Top of INPUT FOR THIS TASK
Lemma gen_set2_cycles x y : <<[set x; y]>> = <[x]> <*> <[y]>.
Proof. by rewrite joing_idl joing_idr. Qed.

Lemma lcn4_gen2_class2 x y :
  [~ x, y, x] = 1 -> [~ x, y, y] = 1 -> 'L_4(<<[set x; y]>>) = 1.
Proof.
move=> cxyx cxyy; set H := <<[set x; y]>>.
have cxyH : [~ x, y] \in 'C(H).
  rewrite cent_gen; apply/centP=> z /set2P[]->; apply/commgP.
    by rewrite cxyx.
  by rewrite cxyy.
have H' : H^`(1) = <[[~ x, y]]>.
  by rewrite /H gen_set2_cycles der1_joing_cycles -?gen_set2_cycles.
have L3H : 'L_3(H) = 1 by rewrite lcnSn lcn2 H'; apply/commG1P; rewrite cycle_subG.
by rewrite lcnSn L3H comm1G.
Qed.

Lemma commXg_class3 x y c d n :
    [~ x, y] = c -> [~ c, x] = d -> commute d x -> commute d c ->
  [~ x ^+ n, y] = c ^+ n * d ^+ 'C(n, 2).
Proof.
move=> Ec Ed dx dc; elim: n => [|n IHn]; first by rewrite expg0 comm1g !expg0 mulg1.
have dXx k : (d ^+ k) ^ x = d ^+ k.
  by apply/conjg_fixP/commgP/commute_sym/commuteX/commute_sym.
have dXc k : commute (d ^+ k) c by apply/commute_sym/commuteX/commute_sym.
rewrite expgSr commMgJ IHn Ec conjMg conjXg conjg_mulR Ed dXx expgMn; last first.
  exact: commute_sym.
rewrite binS bin1 addnC expgD -!mulgA (dXc _) !mulgA.
by rewrite -[c ^+ n * d ^+ n * c](mulgA _ _ c) (dXc _) mulgA -expgSr -!mulgA.
Qed.

Lemma commgX_class3 x y c e n :
    [~ x, y] = c -> [~ c, y] = e -> commute e y -> commute e c ->
  [~ x, y ^+ n] = c ^+ n * e ^+ 'C(n, 2).
Proof.
move=> Ec Ee ey ec; elim: n => [|n IHn]; first by rewrite expg0 commg1 !expg0 mulg1.
have eXy k : (e ^+ k) ^ y = e ^+ k.
  by apply/conjg_fixP/commgP/commute_sym/commuteX/commute_sym.
rewrite expgSr commgMJ IHn Ec conjMg conjXg conjg_mulR Ee eXy expgMn; last first.
  exact: commute_sym.
by rewrite binS bin1 addnC expgD !mulgA -expgS -!mulgA.
Qed.

Lemma sub_ker_gen2 (rT : finGroupType) (D : {group gT}) (f : {morphism D >-> rT}) x y :
  x \in D -> y \in D -> f x = 1 -> f y = 1 -> <<[set x; y]>> \subset 'ker f.
Proof. by move=> Dx Dy fx fy; rewrite gen_subG; apply/subsetP=> z /set2P[]->; exact/kerP. Qed.

End TwoGenerated.

Section TwoGeneratedGroup.
Variables (gT : finGroupType) (G : {group gT}) (a b : gT).
Hypothesis defG : G :=: <<[set a; b]>>.

Let sabG : [set a; b] \subset G. Proof. by rewrite defG subset_gen. Qed.

Lemma quotient_gen2 (K : {group gT}) :
  G \subset 'N(K) -> G / K = <[coset K a]> <*> <[coset K b]>.
Proof.
move=> nKG; rewrite -gen_set2_cycles {1}defG quotient_gen ?(subset_trans sabG) //.
by rewrite quotientU !quotient_set1 // (subsetP nKG) // (subsetP sabG) ?set21 ?set22.
Qed.

Lemma coset_center_gen2 (K : {group gT}) g : G \subset 'N(K) -> g \in G ->
  (coset K g \in 'Z(G / K)) = ([~ g, a] \in K) && ([~ g, b] \in K).
Proof.
move=> nKG Gg; have commK x : x \in G -> ([~ g, x] \in K) = ([~ coset K g, coset K x] == 1).
  move=> Gx; have nK z : z \in G -> z \in 'N(K) := subsetP nKG z.
  rewrite -morphR ?nK //; apply/idP/eqP => [|/coset_idr]; first exact: coset_id.
  by apply; rewrite groupR ?nK.
rewrite !commK ?(subsetP sabG) ?set21 ?set22 //.
apply/idP/andP=> [/setIP[_ /centP cKg] | [/commgP cga /commgP cgb]].
  by split; apply/commgP/cKg/mem_quotient/(subsetP sabG); rewrite ?set21 ?set22.
rewrite inE mem_quotient //= quotient_gen2 // -gen_set2_cycles cent_gen.
by apply/centP=> z /set2P[]->.
Qed.

End TwoGeneratedGroup.

Section ClassThreeTwoGenerated.
Variables (gT : finGroupType) (G : {group gT}) (a b : gT).
Hypotheses (defG : G :=: <<[set a; b]>>) (L4G : 'L_4(G) = 1).

Local Notation w := [~ a, b].
Local Notation u := [~ a, b, a].
Local Notation v := [~ a, b, b].

Let sabG : [set a; b] \subset G. Proof. by rewrite defG subset_gen. Qed.
Let Ga : a \in G. Proof. by rewrite (subsetP sabG) ?set21. Qed.
Let Gb : b \in G. Proof. by rewrite (subsetP sabG) ?set22. Qed.
Let wL2 : w \in 'L_2(G). Proof. by rewrite lcnSn mem_commg. Qed.
Let uL3 : u \in 'L_3(G). Proof. by rewrite lcnSn mem_commg. Qed.
Let vL3 : v \in 'L_3(G). Proof. by rewrite lcnSn mem_commg. Qed.
Let wG : w \in G. Proof. exact: subsetP (lcn_sub 2 G) _ wL2. Qed.
Let uG : u \in G. Proof. exact: subsetP (lcn_sub 3 G) _ uL3. Qed.
Let vG : v \in G. Proof. exact: subsetP (lcn_sub 3 G) _ vL3. Qed.

Lemma lcn3_sub_cent : 'L_3(G) \subset 'C(G).
Proof. by apply/commG1P; rewrite -lcnSn. Qed.

Lemma lcn3_central z g : z \in 'L_3(G) -> g \in G -> commute z g.
Proof. by move=> L3z; apply: (centP (subsetP lcn3_sub_cent z L3z)). Qed.

Lemma lcn3_commg1 z g : z \in 'L_3(G) -> g \in G -> [~ z, g] = 1.
Proof. by move=> L3z Gg; apply/eqP/commgP/lcn3_central. Qed.

Lemma lcn3_conjg z g : z \in 'L_3(G) -> g \in G -> z ^ g = z.
Proof. by move=> L3z Gg; apply/conjg_fixP/commgP/lcn3_central. Qed.

Lemma conjg_lcn3 g z : z \in 'L_3(G) -> g \in G -> g ^ z = g.
Proof. by move=> L3z Gg; apply/conjg_fixP/commgP/commute_sym/lcn3_central. Qed.

Lemma commXa n : [~ a ^+ n, b] = w ^+ n * u ^+ 'C(n, 2).
Proof. by apply: commXg_class3 => //; apply: lcn3_central. Qed.

Lemma commbX n : [~ a, b ^+ n] = w ^+ n * v ^+ 'C(n, 2).
Proof. by apply: commgX_class3 => //; apply: lcn3_central. Qed.

Lemma lcn2_decomp g : g \in G -> exists i j, (a ^+ i * b ^+ j)^-1 * g \in 'L_2(G).
Proof.
move=> Gg; have nD z : z \in G -> z \in 'N('L_2(G)) := subsetP (lcn_norm 2 G) z.
have cQ : <[coset 'L_2(G) a]> \subset 'C(<[coset 'L_2(G) b]>).
  have abQ : abelian (G / 'L_2(G)) by rewrite lcn2 der_abelian.
  apply: subset_trans (sub_abelian_cent abQ _).
    by rewrite (quotient_gen2 defG) ?joing_subl ?lcn_norm.
  by rewrite (quotient_gen2 defG) ?joing_subr ?lcn_norm.
have := mem_quotient 'L_2(G) Gg; rewrite (quotient_gen2 defG) ?lcn_norm // cent_joinEl //.
case/mulsgP=> _ _ /cycleP[i ->] /cycleP[j ->] Eg; exists i, j.
have Gh : (a ^+ i * b ^+ j)^-1 * g \in G by rewrite groupM ?groupV ?groupM ?groupX.
apply: coset_idr; first exact: nD.
by rewrite morphM ?morphV ?morphM ?morphX ?groupV ?groupM ?groupX ?nD // -Eg mulVg.
Qed.

Lemma lcn3_decomp c : c \in 'L_2(G) -> exists k, (w ^+ k)^-1 * c \in 'L_3(G).
Proof.
move=> L2c; have nL z : z \in G -> z \in 'N('L_3(G)) := subsetP (lcn_norm 3 G) z.
have Gc : c \in G := subsetP (lcn_sub 2 G) c L2c.
have wQ : [~ coset 'L_3(G) a, coset 'L_3(G) b] \in
          'C(<[coset 'L_3(G) a]> <*> <[coset 'L_3(G) b]>).
  rewrite -(quotient_gen2 defG) ?lcn_norm // -morphR ?nL //.
  by case/setIP: (subsetP (lcn_central 2 G) _ (mem_quotient _ wL2)).
have : coset 'L_3(G) c \in (G / 'L_3(G))^`(1).
  by rewrite -quotient_der ?lcn_norm ?mem_quotient.
rewrite (quotient_gen2 defG) ?lcn_norm // der1_joing_cycles // -morphR ?nL //.
case/cycleP=> k Ec; exists k.
have Gh : (w ^+ k)^-1 * c \in G by rewrite groupM ?groupV ?groupX.
apply: coset_idr; first exact: nL.
by rewrite morphM ?morphV ?morphX ?groupV ?groupX ?nL //= Ec mulVg.
Qed.

Lemma class3_decomp g : g \in G ->
  exists i j k l, l \in 'L_3(G) /\ g = a ^+ i * b ^+ j * w ^+ k * l.
Proof.
move=> Gg; have [i [j L2c]] := lcn2_decomp Gg.
have [k L3l] := lcn3_decomp L2c.
by exists i, j, k, ((w ^+ k)^-1 * ((a ^+ i * b ^+ j)^-1 * g)); rewrite -mulgA !mulKVg.
Qed.

Lemma lcn3_sub_gen : 'L_3(G) \subset <<[set u; v]>>.
Proof.
have wL3 g : g \in G -> [~ w, g] \in 'L_3(G) by move=> Gg; rewrite lcnSn mem_commg.
have commwM : {in G &, {morph (fun g => [~ w, g]) : x y / x * y}}.
  move=> x y Gx Gy /=; rewrite commgMJ lcn3_conjg ?wL3 //.
  by apply: lcn3_central (wL3 y Gy) _; rewrite (subsetP (lcn_sub 3 G)) ?wL3.
have im_commw : Morphism commwM @* G = <<[set u; v]>>.
  have -> : Morphism commwM @* G = Morphism commwM @* <<[set a; b]>> by rewrite -defG.
  by rewrite morphim_gen -?defG // morphimU !morphim_set1.
rewrite lcnSn gen_subG; apply/subsetP=> _ /imset2P[c g L2c Gg ->].
have [k L3l] := lcn3_decomp L2c; rewrite -(mulKVg (w ^+ k) c).
have Gwg : [~ w ^+ k, g] \in G by rewrite groupR ?groupX.
rewrite commMgJ (lcn3_commg1 L3l Gg) mulg1 (conjg_lcn3 L3l Gwg).
rewrite commXg; last by apply/commute_sym/lcn3_central; rewrite ?wL3.
by rewrite groupX //; have := mem_morphim (Morphism commwM) Gg Gg; rewrite im_commw.
Qed.

Lemma morphR_ab (rT : finGroupType) (f : {morphism G >-> rT}) :
  [/\ f w = [~ f a, f b], f u = [~ f a, f b, f a] & f v = [~ f a, f b, f b]].
Proof. by rewrite !morphR. Qed.

Lemma lcn3_sub_ker (rT : finGroupType) (f : {morphism G >-> rT}) :
  f u = 1 -> f v = 1 -> 'L_3(G) \subset 'ker f.
Proof. by move=> fu fv; apply: subset_trans lcn3_sub_gen (sub_ker_gen2 _ _ fu fv). Qed.

Lemma commg_decomp_a i k l :
  l \in 'L_3(G) -> [~ a ^+ i * w ^+ k * l, a] = u ^+ k.
Proof.
move=> L3l; have Gl := subsetP (lcn_sub 3 G) l L3l.
rewrite commMgJ (lcn3_commg1 L3l Ga) mulg1 conjg_lcn3 ?groupR ?groupM ?groupX //.
have /commgP/eqP aia : commute (a ^+ i) a by apply/commute_sym/commuteX.
by rewrite commMgJ aia conj1g mul1g commXg //; apply/commute_sym/lcn3_central.
Qed.

Section CenterQuotient.
Variables m n q : nat.
Hypotheses (bn : b ^+ n = 1) (n_gt0 : 0 < n) (q_gt1 : 1 < q).
Hypotheses (dvd_n_m : n %| m) (dvd_q_n : q %| n).
Hypotheses (dvd_q_bin_n : q %| 'C(n, 2)) (dvd_q_bin_m : q %| 'C(m, 2)).
Hypothesis univG : forall (hT : finGroupType) (x y : hT),
  'L_4(<<[set x; y]>>) = 1 -> x ^+ m = 1 -> y ^+ n = 1 ->
  exists f : {morphism G >-> hT}, f a = x /\ f b = y.

Local Notation N := <<[set u ^+ q; v ^+ q]>>%G.

Lemma N_sub_lcn3 : N \subset 'L_3(G).
Proof. by rewrite gen_subG; apply/subsetP=> z /set2P[]->; rewrite groupX. Qed.

Let nNG : G \subset 'N(N).
Proof. by rewrite cents_norm // centsC (subset_trans N_sub_lcn3 lcn3_sub_cent). Qed.

Lemma uvX_N z k : z \in [set u; v] -> q %| k -> z ^+ k \in N.
Proof.
move=> uvz /dvdnP[k' ->]; rewrite mulnC expgM groupX // mem_gen //.
by case/set2P: uvz => ->; rewrite !inE eqxx ?orbT.
Qed.

Lemma central_lcn3_dvdn i j k l : l \in 'L_3(G) ->
    [~ a ^+ i * b ^+ j * w ^+ k * l, a] \in 'L_3(G) ->
    [~ a ^+ i * b ^+ j * w ^+ k * l, b] \in 'L_3(G) ->
  (n %| i) && (n %| j).
Proof.
move=> L3l; have Gl := subsetP (lcn_sub 3 G) l L3l.
have n_gt1 : 1 < n := leq_trans q_gt1 (dvdn_leq n_gt0 dvd_q_n).
have natZ0 d : ((d%:R : 'Z_n) == 0)%R = (n %| d) := Zp_nat_eq0 d n_gt1.
pose x : ut 'Z_n := (UT 1 0 0 0 0 0)%R; pose y : ut 'Z_n := (UT 0 0 0 1 0 0)%R.
have xm : x ^+ m = 1.
  by rewrite expg_ut_12_23 (eqP (etrans (natZ0 m) dvd_n_m)) mulr0 !mul0rn.
have yn : y ^+ n = 1.
  by rewrite expg_ut_12_23 (eqP (etrans (natZ0 n) (dvdnn n))) mul0r !mul0rn.
have [f [fa fb]] := univG (ut_lcn4 _) xm yn; have [fw fu fv] := morphR_ab f.
have L3f : 'L_3(G) \subset 'ker f.
  by apply: lcn3_sub_ker; rewrite ?fu ?fv fa fb; congr UT => /=; ring.
set g := _ * l; have Gg : g \in G by rewrite !groupM ?groupX.
have fgE : f g = x ^+ i * y ^+ j * f (w ^+ k * l).
  by rewrite /g -[_ * l]mulgA morphM ?groupM ?groupX // morphM ?groupX // !morphX // fa fb.
have : f (w ^+ k * l) \in ut_ge2 _.
  rewrite morphM ?groupX // (mker (subsetP L3f l L3l)) mulg1.
  by rewrite morphX // fw groupX // commg_ut_ge2.
rewrite inE => /andP[/andP[/eqP h12 /eqP h23] _].
move=> /(subsetP L3f)/mker + /(subsetP L3f)/mker; rewrite !morphR // fa fb.
move=> /eqP/commgP/commute_ut_12 + /eqP/commgP/commute_ut_23.
rewrite fgE !u12M !u23M h12 h23 !expg_ut_12_23 /= !mul0rn !addr0 add0r.
by move=> /eqP + /eqP; rewrite !natZ0 => -> ->.
Qed.

Lemma expu_N_dvdn k : u ^+ k \in N -> q %| k.
Proof.
have natZ0 d : ((d%:R : 'Z_q) == 0)%R = (q %| d) := Zp_nat_eq0 d q_gt1.
have Zq0 d : q %| d -> (d%:R : 'Z_q)%R = 0%R by rewrite -natZ0 => /eqP.
pose x : ut 'Z_q := (UT 1 0 0 1 0 0)%R; pose y : ut 'Z_q := (UT 0 0 0 0 0 1)%R.
have xm : x ^+ m = 1.
  by rewrite expg_ut_12_23 mulr1 !Zq0 // (dvdn_trans dvd_q_n dvd_n_m).
have yn : y ^+ n = 1 by rewrite expg_ut_14_34 mul0rn Zq0.
have [f [fa fb]] := univG (ut_lcn4 _) xm yn; have [_ fu fv] := morphR_ab f.
have {}fu : f u = (UT 0 0 (-1) 0 0 0)%R by rewrite fu fa fb; congr UT => /=; ring.
have {}fv : f v = 1 by rewrite fv fa fb; congr UT => /=; ring.
have fuX d : f (u ^+ d) = (UT 0 0 (- d%:R) 0 0 0)%R.
  by rewrite morphX // fu expg_ut_14_34 mulNrn mul0rn.
have /subsetP NKf : N \subset 'ker f.
  by apply: sub_ker_gen2; rewrite ?groupX // ?fuX ?morphX // ?fv ?expg1n // Zq0 ?oppr0.
by move/NKf/mker; rewrite fuX => /(congr1 (@u14 _))/eqP; rewrite oppr_eq0 natZ0.
Qed.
Bottom of INPUT FOR THIS TASK
**PROBLEM TO SOLVE:**
Look through the data above and return exactly the lines from the one that contains "Proof. by move=> L3z Gg; apply/conjg_fixP/commgP/lcn3_central." to the one that contains "have := mem_quotient", inclusive, with nothing else.

**WRITTEN REPLY:**
Proof. by move=> L3z Gg; apply/conjg_fixP/commgP/lcn3_central. Qed.

Lemma conjg_lcn3 g z : z \in 'L_3(G) -> g \in G -> g ^ z = g.
Proof. by move=> L3z Gg; apply/conjg_fixP/commgP/commute_sym/lcn3_central. Qed.

Lemma commXa n : [~ a ^+ n, b] = w ^+ n * u ^+ 'C(n, 2).
Proof. by apply: commXg_class3 => //; apply: lcn3_central. Qed.

Lemma commbX n : [~ a, b ^+ n] = w ^+ n * v ^+ 'C(n, 2).
Proof. by apply: commgX_class3 => //; apply: lcn3_central. Qed.

Lemma lcn2_decomp g : g \in G -> exists i j, (a ^+ i * b ^+ j)^-1 * g \in 'L_2(G).
Proof.
move=> Gg; have nD z : z \in G -> z \in 'N('L_2(G)) := subsetP (lcn_norm 2 G) z.
have cQ : <[coset 'L_2(G) a]> \subset 'C(<[coset 'L_2(G) b]>).
  have abQ : abelian (G / 'L_2(G)) by rewrite lcn2 der_abelian.
  apply: subset_trans (sub_abelian_cent abQ _).
    by rewrite (quotient_gen2 defG) ?joing_subl ?lcn_norm.
  by rewrite (quotient_gen2 defG) ?joing_subr ?lcn_norm.
have := mem_quotient 'L_2(G) Gg; rewrite (quotient_gen2 defG) ?lcn_norm // cent_joinEl //.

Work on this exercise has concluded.